My current way of doing it is, given integer i, im using len(set(str(i))). Creating a set is time consuming. I'm going over alot of numbers so I need an efficient way.

Also, if someone can find a way to go over all the numbers with x digits without using range() (and in a one liner..), I'll be glad. Memory limits me when using range because a list is created (I assume).

user1413824
  • 659
  • 1
  • 8
  • 15

3 Answers3

11

sets are optimized for this creation. Unless you want to roll out your own decimal-to-string conversion (and that would take more than one line), it's the way to go.

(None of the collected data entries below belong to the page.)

(* Let $\alpha=(\alpha_1,\dots,\alpha_t)$ be palindromic (i.e. $\alpha_i=\alpha_{t+1-i}$ for all $i$) with $t$ odd, let $F=\breve F(\alpha)$ with elements $x_1,\dots,x_n$ and shared elements $s_1,\dots,s_{t-1}$. Assume that $\chi_{s_i}-\chi_{s_{t-i}}$ is $0$-mesic under rowmotion for all $i\in[t-1]$. Then (1) $\chi_{x_k}-\chi_{x_{n-k+1}}$ is $0$-mesic for all $k\in[n]$, and (2) $\hat\chi_{x_k}+\hat\chi_{x_{n-k+1}}$ is $1$-mesic for all $k\in[n]$.
   Context: A fence $\breve F(\alpha_1,\dots,\alpha_t)$ ($t\ge2$, positive integers, $\alpha_1,\alpha_t\ge2$) is the poset on $\{x_1,\dots,x_n\}$, $n=\alpha_1+\dots+\alpha_t-1$, with $a_i=\alpha_1+\dots+\alpha_i$, $a_0=0$, whose cover relations are: for $1\le j\le n-1$ with $a_{i-1}\le j<a_i$, $x_j\lessdot x_{j+1}$ if $i$ odd and $x_j\gtrdot x_{j+1}$ if $i$ even. Shared elements: $s_i=x_{a_i}$. $\mathcal J(F)$ is the set of order ideals; rowmotion $\rho:\mathcal J(F)\to\mathcal J(F)$ sends $I$ to the order ideal generated by $\min(F\setminus I)$. $\hat\chi_q(I)=1$ if $q\in I$, else 0; $\chi_q(I)=1$ if $q\in\max(I)$, else 0. A statistic $f:\mathcal J(F)\to\mathbb R$ is $c$-mesic under rowmotion if its average over every $\rho$-orbit equals $c$. *)

From mathcomp Require Import all_boot all_order all_algebra.

Import GRing.Theory Num.Theory.
Local Open Scope ring_scope.

(* A composition alpha = (alpha_1,...,alpha_t) is a seq nat (alpha_i = nth 0 alpha (i-1)). *)

Definition fence_data (alpha : seq nat) : Prop :=
  [/\ (2 <= size alpha)%N, all (fun a => 0 < a)%N alpha,
      (2 <= head 0 alpha)%N & (2 <= last 0 alpha)%N].

Definition fence_n (alpha : seq nat) : nat := (sumn alpha).-1.

Definition fa (alpha : seq nat) (i : nat) : nat := sumn (take i alpha).

(* Elements: x_k (1 <= k <= n) is the ordinal k-1 of 'I_(fence_n alpha). *)
Notation elt alpha := ('I_(fence_n alpha)).

(* For a label j with a_{i-1} <= j < a_i: i odd gives x_j <. x_{j+1}, i even x_j >. x_{j+1}. *)
Definition upstep (alpha : seq nat) (j : nat) : bool :=
  [exists i : 'I_(size alpha).+1,
     [&& (0 < (i : nat))%N, (fa alpha (i.-1) <= j)%N, (j < fa alpha i)%N & odd i]].
Definition downstep (alpha : seq nat) (j : nat) : bool :=
  [exists i : 'I_(size alpha).+1,
     [&& (0 < (i : nat))%N, (fa alpha (i.-1) <= j)%N, (j < fa alpha i)%N & ~~ odd i]].

Definition lessdot (alpha : seq nat) : rel (elt alpha) :=
  fun y z =>
    (((z : nat) == y.+1) && upstep alpha y.+1) ||
    (((y : nat) == z.+1) && downstep alpha z.+1).

Definition fle (alpha : seq nat) (y z : elt alpha) : bool := connect (lessdot alpha) y z.

Definition is_ideal (alpha : seq nat) (I : {set elt alpha}) : bool :=
  [forall y, forall z, (fle alpha y z && (z \in I)) ==> (y \in I)].

Definition minset_of (alpha : seq nat) (S : {set elt alpha}) : {set elt alpha} :=
  [set m in S | [forall z, ((z \in S) && fle alpha z m) ==> (z == m)]].
Definition maxset_of (alpha : seq nat) (S : {set elt alpha}) : {set elt alpha} :=
  [set m in S | [forall z, ((z \in S) && fle alpha m z) ==> (z == m)]].

Definition rowmotion (alpha : seq nat) (I : {set elt alpha}) : {set elt alpha} :=
  [set y | [exists m in minset_of alpha (~: I), fle alpha y m]].

(* chi_{x_k}(I) = 1 iff x_k in max(I); hatchi_{x_k}(I) = 1 iff x_k in I (k is the 1-based label) *)
Definition chi (alpha : seq nat) (k : nat) (I : {set elt alpha}) : rat :=
  ([exists m : elt alpha, ((m : nat).+1 == k) && (m \in maxset_of alpha I)] : nat)%:R.
Definition hatchi (alpha : seq nat) (k : nat) (I : {set elt alpha}) : rat :=
  ([exists m : elt alpha, ((m : nat).+1 == k) && (m \in I)] : nat)%:R.

Definition mesic (alpha : seq nat) (f : {set elt alpha} -> rat) (c : rat) : Prop :=
  forall I : {set elt alpha}, is_ideal alpha I ->
    (\sum_(J <- fingraph.orbit (@rowmotion alpha) I) f J)
      / (size (fingraph.orbit (@rowmotion alpha) I))%:R = c.
Lemma dft_double_transposition (a : 'I_p -> R) i j k l s :
    i != j -> k != l -> i != k -> i != l -> j != k -> j != l ->
  dft (fun m => a m - a ((tperm i j * tperm k l)%g m)) s =
    (a i - a j)%:C * (cycle_root i ^+ s - cycle_root j ^+ s) +
    (a k - a l)%:C * (cycle_root k ^+ s - cycle_root l ^+ s).
Proof.
move=> ij kl ik il jk jl; pose c m := a (tperm k l m).
transitivity (dft (fun m => (a m - c m) + (c m - c (tperm i j m))) s).
  by apply: eq_bigr => m _; rewrite permM subrKA.
by rewrite dftD addrC !dft_transposition // /c !tpermD // eq_sym.
Qed.

Lemma Re_dft f s : complex.Re (dft f s) = \sum_m f m * complex.Re (cycle_root m ^+ s).
Proof.
rewrite raddf_sum; apply: eq_bigr => m _.
by case: (cycle_root m ^+ s) => u v /=; rewrite mul0r subr0.
Qed.

Lemma Im_dft f s : complex.Im (dft f s) = \sum_m f m * complex.Im (cycle_root m ^+ s).
Proof.
rewrite raddf_sum; apply: eq_bigr => m _.
by case: (cycle_root m ^+ s) => u v /=; rewrite mul0r addr0.
Qed.

Lemma dim_span_orbit_le3 (G : {group 'S_p}) (v : 'rV[R]_p) (d : 'I_p -> R) s0 :
    pi \in G -> (forall g, g \in G -> \sum_m d m * pact g v 0 m = 0) -> (s0 < p)%N ->
    (forall s, (0 < s < p)%N -> dft d s = 0 -> s = s0 \/ (s + s0 = p)%N) ->
  (\dim <<orbit_seq G v>> <= 3)%N.
Proof.
move=> pi_in d_orbit s0_lt d_zeros.
pose u m := cycle_root m ^+ s0.
pose M : 'M[R]_(p, 3) := \matrix_(m, r) [:: 1; complex.Re (u m); complex.Im (u m)]`_r.
apply: (@dimv_le_of_injective _ _ _ _ M) => x x_in /rowP xM0.
pose X := dft (fun m => x 0 m).
have col (r : 'I_3) : \sum_m x 0 m * [:: 1; complex.Re (u m); complex.Im (u m)]`_r = 0.
  by have := xM0 r; rewrite !mxE /M; under eq_bigr do rewrite mxE.
have := col 2; have := col 1; have := col 0; rewrite /= => sum_x sum_re sum_im.
have X0 : X 0%N = 0.
  rewrite /X /dft (eq_bigr (fun m => (x 0 m * 1)%:C)) => [|m _]; last by rewrite !mulr1.
  by rewrite -rmorph_sum /= sum_x.
have Xs0 : X s0 = 0.
  apply/eqP; rewrite eq_complex Re_dft Im_dft.
  by apply/andP; split; apply/eqP; [exact: sum_re | exact: sum_im].
have X_span s : dft d s != 0 -> X s = 0.
  move=> ds_neq0; apply/eqP; rewrite -conjC_eq0.
  have /eqP := dft_mul_conj_eq0 s
    (fun t => span_orbit_annihilated d_orbit x_in (groupX t pi_in)).
  by rewrite mulf_eq0 (negbTE ds_neq0).
apply/rowP => m; rewrite mxE; apply: dft_eq0 => s s_lt.
have [-> // | s_neq0] := eqVneq s 0%N.
have [-> // | s_neq_s0] := eqVneq s s0.
have [-> | s_neq] := eqVneq s (p - s0)%N.
  by rewrite (dft_p_subn _ (ltnW s0_lt)) -/X Xs0 conjC0.
apply: X_span; apply: contra_neq s_neq_s0 => /d_zeros.
rewrite lt0n s_neq0 s_lt => /(_ isT) [//|st_p].
by move/eqP: s_neq; rewrite -st_p addnK.
Qed.
(* Let $k\le -1$, $w^+=W_v(T_k^0)$ and $w^-=0$, and suppose $W_k(T_n^0;w^+)=W_k(T_n^0;w^-)$ for some $n$ with $k\le n\le-1$. Then $W_k(T_m^0;w^+)=W(m)=W_k(T_m^0;w^-)$ for all $m\ge n$. Moreover, for all $t\ge T_n^0+W_k^{(1)}(T_n^0;w^+)$, \[ Z_{T_k^0}\big(t-T_k^0;\,Q_v(T_k^0),\,\mathcal{S}(U(T_k^0)),\,0\big)=Z_{T_k^0}\big(t-T_k^0;0,0,0\big)=Z(t).\]
   Context: Let $c\ge1$. Let $G,F$ be CDFs of strictly positive random variables $A$ (interarrival) and $V$ (service), $\lambda=1/E[A]$, $\mu=1/E[V]$, $\lambda<c\mu$. Let $\mathcal{T}^0=\{T_n^0:n\in\mathbb{Z}\setminus\{0\}\}$ be a time-stationary renewal point process with inter-renewal CDF $G$, indexed $\dots<T_{-1}^0<0<T_1^0<\dots$ (indices ordered naturally); $T_n^{0,+}$ is the next point after $T_n^0$, $A_n=T_n^{0,+}-T_n^0$. Let $\mathcal{T}^i=\{T_n^i\}$, $i=1,\dots,c$, be i.i.d. time-stationary renewal processes with inter-renewal CDF $F$, independent of $\mathcal{T}^0$; $V_k^i=T_k^{i,+}-T_k^i$. $U^i(t)=\inf\{T_n^i:T_n^i>t\}-t$, $U(t)=(U^1(t),\dots,U^c(t))$, $U(s_-)$ its left limit. $\mathcal{S}$ sorts ascending; $x^+$ componentwise positive part; $\mathbf{1}=(1,\dots,1)$, $\mathbf{e}_1=(1,0,\dots,0)$. Vacation system: customers arrive at the points of $\mathcal{T}^0$ and wait in a FCFS queue; at each point $T_k^i$, if the queue is nonempty just before, the head customer leaves the queue and is served by server $i$ for time $V_k^i$, otherwise server $i$ takes a vacation of length $V_k^i$. Stationary queue length $Q_v(t)=\sup_{s\le t}\big(|(s,t]\cap\mathcal{T}^0|-\sum_i|(s,t]\cap\mathcal{T}^i|\big)$. $D_n^0$ is the delay of the customer arriving at $T_n^0$; he leaves the queue at a point $T_k^{i(n)}=T_n^0+D_n^0$ and his service time is $V_n:=V_k^{i(n)}$. $W_v(T_n^0)=D_n^0\mathbf{1}+\mathcal{S}(U((T_n^0+D_n^0)_-))$. For $k\le n$ and nonnegative ascending $w\in\mathbb{R}^c$: $W_k(T_k^0;w)=w$, $W_k(T_n^{0,+};w)=\mathcal{S}\big((W_k(T_n^0;w)+V_n\mathbf{e}_1-A_n\mathbf{1})^+\big)$; $W_k^{(1)}$ is the first entry; $W(n)=\lim_{k\to-\infty}W_k(T_n^0;0)$. For $u\in\mathbb{R}$ and $z=(q,r,e)$, $Z_u(t;z)$ is the state at time $u+t$ (number waiting in queue, ascending vector of remaining service times at the $c$ servers, time since last arrival) of a FCFS $c$-server queue started at time $u$ in state $z$ and fed by the customers arriving at $T_n^0\in(u,u+t]$ with service times $V_n$. $Z(t)=\lim_{u\to-\infty}Z_u(t-u;(0,0,e_u))$, $e_u=u-\sup\{T_n^0:T_n^0\le u\}$ (this limit exists a.s.).
   Formalization: $Z_{T_k^0}(t-T_k^0;0,0,0)$ also serves the customer arriving at $T_k^0$, not only arrivals in $(T_k^0,t]$, and the $Q_v(T_k^0)$ customers initially waiting in the other system are the last arrivals up to $T_k^0$. Each condition added here is assumed in the paper as well or is needed for the statement above to hold. *)

From HB Require Import structures.
From mathcomp Require Import all_boot all_order all_algebra.
From mathcomp Require Import boolp classical_sets reals.
Set Implicit Arguments. Unset Strict Implicit. Unset Printing Implicit Defensive.
Import Order.TTheory GRing.Theory Num.Theory.
Local Open Scope ring_scope.

(* One realization of the point processes is fixed.
   INDEXING CONVENTION: the paper indexes the points of T^0 by Z\{0} with
   T_{-1}^0 < 0 < T_1^0.  We reindex by int: T0 i = T^0_i for i <= -1 and
   T0 i = T^0_{i+1} for i >= 0.  This order-preserving bijection fixes all
   negative indices, so k, n <= -1 keep their names; T^{0,+}_n = T0 (n+1).
   Server processes T^i (i : 'I_c) are indexed by int arbitrarily. *)

Definition sortR {R : realType} (v : seq R) : seq R := sort (fun x y : R => x <= y) v.

Definition incr_unb {R : realType} (T : int -> R) : Prop :=
  (forall i j : int, i < j -> T i < T j) /\
  (forall x : R, exists i, x < T i) /\ (forall x : R, exists i, T i < x).
Lemma transfer_tableE k t : t \in profiles ->
  Z_of_int (transfer_count k t) = (transfer_table k)`_(index t profiles).
Proof.
elim: k t => [|k IHk] t tP; first by rewrite nth_nseq index_mem tP.
rewrite transfer_countS transfer_tableS Z_of_int_sum.
rewrite (nth_map [::]) ?size_map ?transition_listsE ?index_mem //.
rewrite (nth_map pempty) ?index_mem // nth_index // -map_comp foldr_addE big_map.
rewrite !big_seq; apply: eq_bigr => t' t't.
by rewrite /= -IHk // (profiles_closed tP t't).
Qed.

Definition denom_coef : seq int := [:: -2640; 5180; -3186; 700; -55; 1].

Definition numer_coef : seq int := [:: 1; -26; 170; -364; 240].

Definition denom_combo (g : nat -> int) (k : nat) : int :=
  \sum_(j < 6) denom_coef`_j * g (k + 2 * j)%nat.

Lemma denom_combo_step t k : (0 < k)%nat ->
  denom_combo (transfer_count^~ t) k.+1 =
  \sum_(t' <- completions 12 true t pempty) denom_combo (transfer_count^~ t') k.
Proof.
move=> k0; rewrite /denom_combo exchange_big; apply: eq_bigr => j _.
by rewrite addSn transfer_countS mulr_sumr (_ : (0 < k + 2 * j)%nat) //; lia.
Qed.

Lemma denom_combo_table1 :
  all (fun i => foldr +%R 0 [seq Z_of_int denom_coef`_j * (transfer_table (1 + 2 * j))`_i
                            | j <- iota 0 6 & xpredT j] == 0)
      (iota 0 (size profiles)).
Proof. by vm_compute. Qed.

Lemma denom_combo1 t : t \in profiles -> denom_combo (transfer_count^~ t) 1 = 0.
Proof.
move=> tP; apply: (can_inj Z_of_intK); rewrite /denom_combo Z_of_int_sum.
under eq_bigr => j _ do rewrite Z_of_intM transfer_tableE //.
rewrite (sum_ord_foldr 6 xpredT
  (fun j => Z_of_int denom_coef`_j * (transfer_table (1 + 2 * j))`_(index t profiles))).
have /allP/(_ (index t profiles)) := denom_combo_table1.
by rewrite mem_iota index_mem tP => /(_ isT)/eqP.
Qed.

Lemma denom_combo_transfer_count k t : t \in profiles -> (0 < k)%nat ->
  denom_combo (transfer_count^~ t) k = 0.
Proof.
elim: k t => [|[|k] IHk] t tP // _; first exact: denom_combo1.
rewrite denom_combo_step // big_seq big1 // => t' t't.
exact: IHk (profiles_closed tP t't) _.
Qed.

(** * The generating function *)

Lemma coef_sum_scale_Xn (R : nzRingType) n (c : nat -> R) (e : nat -> nat) i :
  (\sum_(j < n) c j *: 'X^(e j))`_i = \sum_(j < n) c j * (e j == i)%:R.
Proof. by rewrite coef_sum; apply: eq_bigr => j _; rewrite coefZ coefXn eq_sym. Qed.
Lemma col_gap_onto i y : i < k -> y < beta_num p i -> y \notin beta_set p ->
  exists2 j, j < nth 0 p i & col_gap p j = y.
Proof.
move=> lt_ik lt_y y_notin.
set gaps := [seq z <- iota 0 (beta_num p i) | z \notin beta_set p].
set cols := map (col_gap p) (iota 0 (nth 0 p i)).
have cols_uniq : uniq cols.
  by rewrite map_inj_uniq ?iota_uniq //; apply/incn_inj/leq_mono/col_gap_increasing.
have cols_sub : {subset cols <= gaps}.
  move=> z /mapP [j]; rewrite mem_iota add0n => /andP [_ lt_j] ->.
  rewrite mem_filter col_gap_notin_beta mem_iota add0n /= -(hook_add_col_gap lt_ik lt_j).
  by have := hook_gt0 lt_ik lt_j; lia.
have size_gaps : size gaps <= size cols.
  rewrite size_map size_iota size_filter.
  have : count (fun z => z \in beta_set p) (iota 0 (beta_num p i))
       + count (fun z => z \notin beta_set p) (iota 0 (beta_num p i)) = beta_num p i.
    by rewrite count_predC size_iota.
  have := count_beta_set_below lt_ik; rewrite /beta_num -/k; lia.
have [_ eq_cols] := uniq_min_size cols_uniq cols_sub size_gaps.
have : y \in gaps by rewrite mem_filter y_notin mem_iota add0n.
by rewrite -eq_cols => /mapP [j]; rewrite mem_iota add0n => /andP [_ lt_j] ->; exists j.
Qed.

End BetaSet.

Definition sss_closed (s : nat) (b : seq nat) : Prop :=
  forall x e, x \in b -> e < 3 -> s + e <= x -> x != s + e /\ x - (s + e) \in b.

Lemma closed_subn_mul s b e c x : sss_closed s b -> e < 3 ->
  x \in b -> c * (s + e) <= x -> x - c * (s + e) \in b.
Proof.
move=> b_closed lt_e3; elim: c x => [|c IH] x x_in; first by rewrite mul0n subn0.
rewrite mulSn => le_x.
have [_ y_in] := b_closed _ e (IH x x_in ltac:(lia)) lt_e3 ltac:(lia).
by rewrite addnC subnDA.
Qed.

Lemma sss_coreP s p : is_partition p ->
  is_sss_core s p <-> sss_closed s (beta_set p).
Proof.
move=> p_part; split=> [[_ p_core] | b_closed].
  move=> x e /mapP [i]; rewrite mem_iota add0n => /andP [_ lt_ik] -> lt_e3 le_x.
  case: (boolP (beta_num p i - (s + e) \in beta_set p)) => [y_in | y_notin].
    by split=> //; apply: contraTneq (beta_set_gt0 p_part y_in) => ->; rewrite subnn.
  have [|j lt_j eq_y] := col_gap_onto p_part lt_ik _ y_notin.
    case: (posnP (s + e)) y_notin => [-> | ]; last by lia.
    by rewrite subn0 map_f // mem_iota.
  have eq_hook : hook p i j = s + e.
    by have := hook_add_col_gap p_part lt_ik lt_j; rewrite eq_y; lia.
  have [+ [+ +]] := p_core i j (conj lt_ik lt_j); rewrite eq_hook.
  by case: e lt_e3 {le_x eq_y y_notin eq_hook} => [|[|[|]]] //= _;
    rewrite ?addn0 ?addn1 ?addn2 dvdnn.
split=> // i j [lt_ik lt_j].
have hook_not_dvd e : e < 3 -> ~~ (s + e %| hook p i j).
  move=> lt_e3; apply/negP => /dvdnP [c eq_hook].
  have eq_gap := hook_add_col_gap p_part lt_ik lt_j.
  have := col_gap_notin_beta p_part j; rewrite -(addKn (hook p i j) (col_gap p j)).
  rewrite eq_gap eq_hook closed_subn_mul ?map_f ?mem_iota //.
  by rewrite -eq_hook -eq_gap leq_addr.
have := hook_not_dvd 0; have := hook_not_dvd 1; have := hook_not_dvd 2.
by rewrite addn0 addn1 addn2 => -> // -> // ->.
Qed.

Definition part_of_beta (b : seq nat) : seq nat :=
  [seq nth 0 b i - (size b - 1 - i) | i <- iota 0 (size b)].

Section PartOfBeta.

Variable b : seq nat.
Hypothesis b_decr : sorted (fun x y => y < x) b.
Hypothesis b_gt0 : all (fun x => 0 < x) b.

Lemma nth_decr_gap i l : i <= l -> l < size b -> nth 0 b l + (l - i) <= nth 0 b i.
Proof.
elim: l => [|l IH]; first by rewrite leqn0 => /eqP -> _; rewrite subnn addn0.
rewrite leq_eqVlt ltnS => /orP [/eqP <- | le_il] lt_l; first by rewrite subnn addn0.
have := IH le_il (ltnW lt_l); have := (sortedP 0 b_decr) l lt_l => /=; lia.
Qed.

Lemma size_sub_le_nth i : i < size b -> size b - i <= nth 0 b i.
Proof.
move=> lt_i; have lt_last : (size b).-1 < size b by case: (size b) lt_i.
have le_i_last : i <= (size b).-1 by rewrite -ltnS (ltn_predK lt_i).
have := nth_decr_gap le_i_last lt_last.
have /= := allP b_gt0 _ (mem_nth 0 lt_last); lia.
Qed.

Lemma size_part_of_beta : size (part_of_beta b) = size b.
Proof. by rewrite size_map size_iota. Qed.

Lemma nth_part_of_beta i : i < size b ->
  nth 0 (part_of_beta b) i = nth 0 b i - (size b - 1 - i).
Proof. by move=> lt_i; rewrite (nth_map 0) ?size_iota // nth_iota. Qed.

Lemma part_of_beta_partition : is_partition (part_of_beta b).
Proof.
split.
  apply/(sortedP 0) => i; rewrite size_part_of_beta => lt_i.
  rewrite !nth_part_of_beta ?(ltnW lt_i) //=.
  by have := (sortedP 0 b_decr) i lt_i; have := size_sub_le_nth lt_i; rewrite /=; lia.
apply/allP => x /mapP [i]; rewrite mem_iota add0n => /andP [_ lt_i] ->.
by have := size_sub_le_nth lt_i; lia.
Qed.

Lemma beta_set_part_of_beta : beta_set (part_of_beta b) = b.
Proof.
rewrite /beta_set size_part_of_beta -[RHS](mkseq_nth 0 b) /mkseq.
apply/eq_in_map => i; rewrite mem_iota add0n => /andP [_ lt_i].
by rewrite /beta_num size_part_of_beta nth_part_of_beta //; have := size_sub_le_nth lt_i; lia.
Qed.

End PartOfBeta.

Definition sss_gap (s x : nat) : bool :=
  (0 < x %% s.+2) && (x %% s.+2 + 2 * (x %/ s.+2) < s).

Definition nlayers (s : nat) : nat := s./2.

Lemma divmodnMDl d q r : r < d -> (q * d + r) %/ d = q /\ (q * d + r) %% d = r.
Proof.
by move=> lt_rd; rewrite divnMDl ?divn_small ?addn0 ?modnMDl ?modn_small //; lia.
Qed.

Lemma sss_gapP s q r : 0 < r -> r + 2 * q < s -> sss_gap s (q * s.+2 + r).
Proof.
move=> r_gt0 lt_r; rewrite /sss_gap; have [-> ->] := @divmodnMDl s.+2 q r ltac:(lia).
by rewrite r_gt0 lt_r.
Qed.

Lemma sss_gap_layer s x : sss_gap s x -> x %/ s.+2 < nlayers s.
Proof. by case/andP; rewrite /nlayers; lia. Qed.

Section ClosedSet.

Variables (s : nat) (b : seq nat).
Hypothesis b_closed : sss_closed s b.

Lemma closed_not_sum t x : x \in b -> t * s <= x -> x <= t * s.+2 -> t = 0.
Proof.
elim: t x => [|t IH] x // x_in le_x ge_x; exfalso.
(* Subtract s + e with e chosen so that the rest stays in [t s, t (s+2)]. *)
set e := minn 2 (x - t.+1 * s).
have lt_e3 : e < 3 by rewrite /e; lia.
have le_x' : s + e <= x by rewrite /e; nia.
have [neq_x y_in] := b_closed x_in lt_e3 le_x'.
have t0 : t = 0 by apply: (IH _ y_in); rewrite /e; nia.
by move: neq_x le_x ge_x; rewrite /e t0; lia.
Qed.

range only allocates memory in Python 2.x. For small numbers like 623562, the memory shouldn't be a problem. For larger numbers, use xrange in Python 2.x or simply switch to Python 3.x, where range generates the numbers just in time.

phihag
  • 278,196
  • 72
  • 453
  • 469
  • Thanks, im using python 2.7 so xrange does help, since range can be numbers with even 9 digits. however, in high ranges, python says that the int is too large, im starting to wonder if there is a way going over the number treating them as strings somehow. about set, dont forget my goal, im searching for any way to count the unique digits in a given number, if you have any way which does not include decimal-to-string convertion, it would still suffice. – user1413824 May 25 '12 at 10:22
  • You can use a drop-in to get [xrange for large numbers](http://stackoverflow.com/questions/1482480/xrange2100-overflowerror-long-int-too-large-to-convert-to-int). No offense, but your requirements (single line, Python, but speed at all costs) seem somewhat) confused. If performance is really an issue, you should think about writing an optimized C program that does exactly what you want. It will be more than a single line, but why is that critical? – phihag May 25 '12 at 10:55
  • It's a part of a project, i need it that way. I still have another list size problem: I need to sum for all the numbers in the range, the count of unique digits for each one, so im creating a list using list comprehensions and then sum it. Is there a way of summing these counts on the fly, without creating a list? What im currently doing given x (number of digits) is: sum([len(set(str(i))) for i in xrange(10**(x-1),10**x)]) – user1413824 May 25 '12 at 11:15
  • 1
    You can simply lose the brackets. That will make your [list comprehension](http://docs.python.org/tutorial/datastructures.html#list-comprehensions) a [generator expression](http://docs.python.org/reference/expressions.html#generator-expressions), which does not require memory upfront. Your project requirements are really strange. Why does your client insist on a one-liner? If it's homework or codegolf, you should [tag](http://stackoverflow.com/questions/tagged/homework) it as such. – phihag May 25 '12 at 12:30
2

I'm having a hard time believing that len(set(str(num))) isn't fast enough for you. Here is a test that does len(set(str())) of a random, very large number 100,000 times:

% python -m timeit -s 'import random' 'for i in range(100000): \
  len(set(str(random.randint(199123212312399956789, 1000000099999999123091230000000))))'
10 loops, best of 3: 456 msec per loop

And a decent chunk of that time is just generating the random numbers! If you really need to go faster than that, I'd think you should consider an alternative language.

Nolen Royalty
  • 18,415
  • 4
  • 40
  • 50
1

Here's a way that avoids creating a set each time. All but the last line are initialisation code so only happen once:

>>> from operator import or_
>>> from collections import Counter
>>> from functools import reduce
>>> bits = {str(i):2**i for i in range(10)}
>>> counts = [Counter(format(i,'b'))['1'] for i in range(2**10)]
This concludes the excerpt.